### WHAT TO WORK ON
Beginning with the line where "(forall x y, @dgd" occurs, transcribe every line exactly through the last line of the listing below, and no others.

- Opening Delimiter -

(* Let $R_1,R_2\in\mathrm{DGRings}^{0,-1}$ and let $\alpha$ be an admissible correspondence $R_1\xleftarrow{f}R_{12}\xrightarrow{g}R_2$. (i) Let $\mathrm{adm}^{-1}(\alpha)$ be the set of isomorphism classes of pairs consisting of $\varphi\in\mathrm{Hom}(R_1,R_2)$ and an isomorphism $\mathrm{adm}(\varphi)\xrightarrow{\sim}\alpha$. Then $\mathrm{adm}^{-1}(\alpha)$ canonically identifies with the set of splittings $\{s:R_1\to R_{12}\mid f\circ s=\mathrm{id}_{R_1}\}$ (morphisms in $\mathrm{DGRings}^{0,-1}$). Under this identification the map $\mathrm{adm}^{-1}(\alpha)\to\mathrm{Hom}(R_1,R_2)$ is $s\mapsto g\circ s$. (ii) The map $s\mapsto s^0$ from the set of such splittings $s$ to the set of ring homomorphisms $\sigma:R_1^0\to R_{12}^0$ with $f^0\circ\sigma=\mathrm{id}_{R_1^0}$ is bijective.
   Context: Rings are commutative and unital. $\mathrm{DGRings}^{0,-1}$ is the category of commutative DG rings $R$ with $R^i=0$ for $i\ne 0,-1$. Equivalently, such $R$ is a ring $R^0$, an $R^0$-module $R^{-1}$ and an $R^0$-linear $d:R^{-1}\to R^0$ with $d(x)y=d(y)x$. Quasi-isomorphisms are morphisms inducing isomorphisms on $\ker d$ and $\operatorname{coker} d$. A correspondence is a diagram $R_1\xleftarrow{f}R_{12}\xrightarrow{g}R_2$ in $\mathrm{DGRings}^{0,-1}$. Morphisms of correspondences are maps $h$ of middle terms with $f'h=f$, $g'h=g$. A correspondence is admissible if $f$ is a quasi-isomorphism and $R_{12}^{-1}\to R_1^{-1}\times R_2^{-1}$ is an isomorphism. It is an anamorphism if $f$ is a surjective quasi-isomorphism. $\mathrm{Corr}_{\mathrm{adm}}(R_1,R_2)\subset\mathrm{Corr}_{\mathrm{ana}}(R_1,R_2)$ denote the full subcategories. $\mathrm{Adm}$ is the left adjoint to the inclusion (admissibilization). The map $\mathrm{adm}:\mathrm{Hom}(R_1,R_2)\to\mathrm{Corr}_{\mathrm{adm}}(R_1,R_2)$ sends $\varphi$ to $\mathrm{Adm}$ of the correspondence $R_1\xleftarrow{\mathrm{id}}R_1\xrightarrow{\varphi}R_2$. *)

From HB Require Import structures.
From mathcomp Require Import all_boot all_order all_algebra.
Set Implicit Arguments. Unset Strict Implicit. Unset Printing Implicit Defensive.
Import GRing.Theory.
Local Open Scope ring_scope.

(* An object of DGRings^{0,-1}: a commutative ring R^0 (the zero ring is
   allowed), an R^0-module R^{-1} and an R^0-linear d : R^{-1} -> R^0 with
   d(x) y = d(y) x. *)
Record DGR := {
  dg0 : comPzRingType;
  dg1 : lmodType dg0;
  dgd : dg1 -> dg0;
  dgd_add : forall x y : dg1, dgd (x + y) = dgd x + dgd y;
  dgd_scale : forall (a : dg0) (x : dg1), dgd (a *: x) = a * dgd x;
  dgd_comm : forall x y : dg1, dgd x *: y = dgd y *: x }.

Record dghom (R S : DGR) := {
  h0 : dg0 R -> dg0 S;
  h1 : dg1 R -> dg1 S;
  h0_1 : h0 1 = 1;
  h0_D : forall a b, h0 (a + b) = h0 a + h0 b;
  h0_M : forall a b, h0 (a * b) = h0 a * h0 b;
  h1_D : forall x y, h1 (x + y) = h1 x + h1 y;
  h1_Z : forall a x, h1 (a *: x) = h0 a *: h1 x;
  h_d : forall x, @dgd S (h1 x) = h0 (@dgd R x) }.

Definition homeq (R S : DGR) (p q : dghom R S) : Prop :=
  (forall a, h0 p a = h0 q a) /\ (forall x, h1 p x = h1 q x).

Definition idhom (R : DGR) : dghom R R.
Proof.
refine (@Build_dghom R R id id _ _ _ _ _ _); by [].
Defined.

Definition dgcomp (R S T : DGR) (q : dghom S T) (p : dghom R S) : dghom R T.
Proof.
refine (@Build_dghom R T (fun a => h0 q (h0 p a)) (fun x => h1 q (h1 p x)) _ _ _ _ _ _).
- by rewrite !h0_1.
- by move=> a b; rewrite !h0_D.
- by move=> a b; rewrite !h0_M.
- by move=> x y; rewrite !h1_D.
- by move=> a x; rewrite !h1_Z.
- by move=> x; rewrite !h_d.
Defined.

Definition is_rhom (A B : comPzRingType) (s : A -> B) : Prop :=
  s 1 = 1 /\ (forall a b, s (a + b) = s a + s b) /\ (forall a b, s (a * b) = s a * s b).

(* Quasi-isomorphism: induces a bijection ker d -> ker d and coker d -> coker d. *)
Definition qiso (R S : DGR) (p : dghom R S) : Prop :=
  (forall x y, @dgd R x = 0 -> @dgd R y = 0 -> h1 p x = h1 p y -> x = y) /\
  (forall y, @dgd S y = 0 -> exists x, @dgd R x = 0 /\ h1 p x = y) /\
  (* on coker d = R^0 / d(R^{-1}) *)
  (forall a b, (exists y, h0 p a - h0 p b = @dgd S y) -> exists x, a - b = @dgd R x) /\
  (forall b, exists a y, b = h0 p a + @dgd S y).

Definition surj_hom (R S : DGR) (p : dghom R S) : Prop :=
  (forall b, exists a, h0 p a = b) /\ (forall y, exists x, h1 p x = y).

Record corr (R1 R2 : DGR) := { cm : DGR; cf : dghom cm R1; cg : dghom cm R2 }.

Record cmor (R1 R2 : DGR) (c c' : corr R1 R2) := {
  mid : dghom (cm c) (cm c');
  mid_f : homeq (dgcomp (cf c') mid) (cf c);
  mid_g : homeq (dgcomp (cg c') mid) (cg c) }.

Definition admissible (R1 R2 : DGR) (c : corr R1 R2) : Prop :=
  qiso (cf c) /\
  (forall x y, h1 (cf c) x = h1 (cf c) y -> h1 (cg c) x = h1 (cg c) y -> x = y) /\
  (forall (x1 : dg1 R1) (x2 : dg1 R2), exists x, h1 (cf c) x = x1 /\ h1 (cg c) x = x2).

Definition anamorphism (R1 R2 : DGR) (c : corr R1 R2) : Prop :=
  qiso (cf c) /\ surj_hom (cf c).

Definition is_iso (R1 R2 : DGR) (c c' : corr R1 R2) (u : cmor c c') : Prop :=
  exists v : cmor c' c,
    homeq (dgcomp (mid v) (mid u)) (idhom (cm c)) /\
    homeq (dgcomp (mid u) (mid v)) (idhom (cm c')).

- Closing Delimiter -

### EXERCISE ANSWER
  (forall x y, @dgd R x = 0 -> @dgd R y = 0 -> h1 p x = h1 p y -> x = y) /\
  (forall y, @dgd S y = 0 -> exists x, @dgd R x = 0 /\ h1 p x = y) /\
  (* on coker d = R^0 / d(R^{-1}) *)
  (forall a b, (exists y, h0 p a - h0 p b = @dgd S y) -> exists x, a - b = @dgd R x) /\
  (forall b, exists a y, b = h0 p a + @dgd S y).

Definition surj_hom (R S : DGR) (p : dghom R S) : Prop :=
  (forall b, exists a, h0 p a = b) /\ (forall y, exists x, h1 p x = y).

Record corr (R1 R2 : DGR) := { cm : DGR; cf : dghom cm R1; cg : dghom cm R2 }.

Record cmor (R1 R2 : DGR) (c c' : corr R1 R2) := {
  mid : dghom (cm c) (cm c');
  mid_f : homeq (dgcomp (cf c') mid) (cf c);
  mid_g : homeq (dgcomp (cg c') mid) (cg c) }.

Definition admissible (R1 R2 : DGR) (c : corr R1 R2) : Prop :=
  qiso (cf c) /\
  (forall x y, h1 (cf c) x = h1 (cf c) y -> h1 (cg c) x = h1 (cg c) y -> x = y) /\
  (forall (x1 : dg1 R1) (x2 : dg1 R2), exists x, h1 (cf c) x = x1 /\ h1 (cg c) x = x2).

Definition anamorphism (R1 R2 : DGR) (c : corr R1 R2) : Prop :=
  qiso (cf c) /\ surj_hom (cf c).

Definition is_iso (R1 R2 : DGR) (c c' : corr R1 R2) (u : cmor c c') : Prop :=
  exists v : cmor c' c,
    homeq (dgcomp (mid v) (mid u)) (idhom (cm c)) /\
    homeq (dgcomp (mid u) (mid v)) (idhom (cm c')).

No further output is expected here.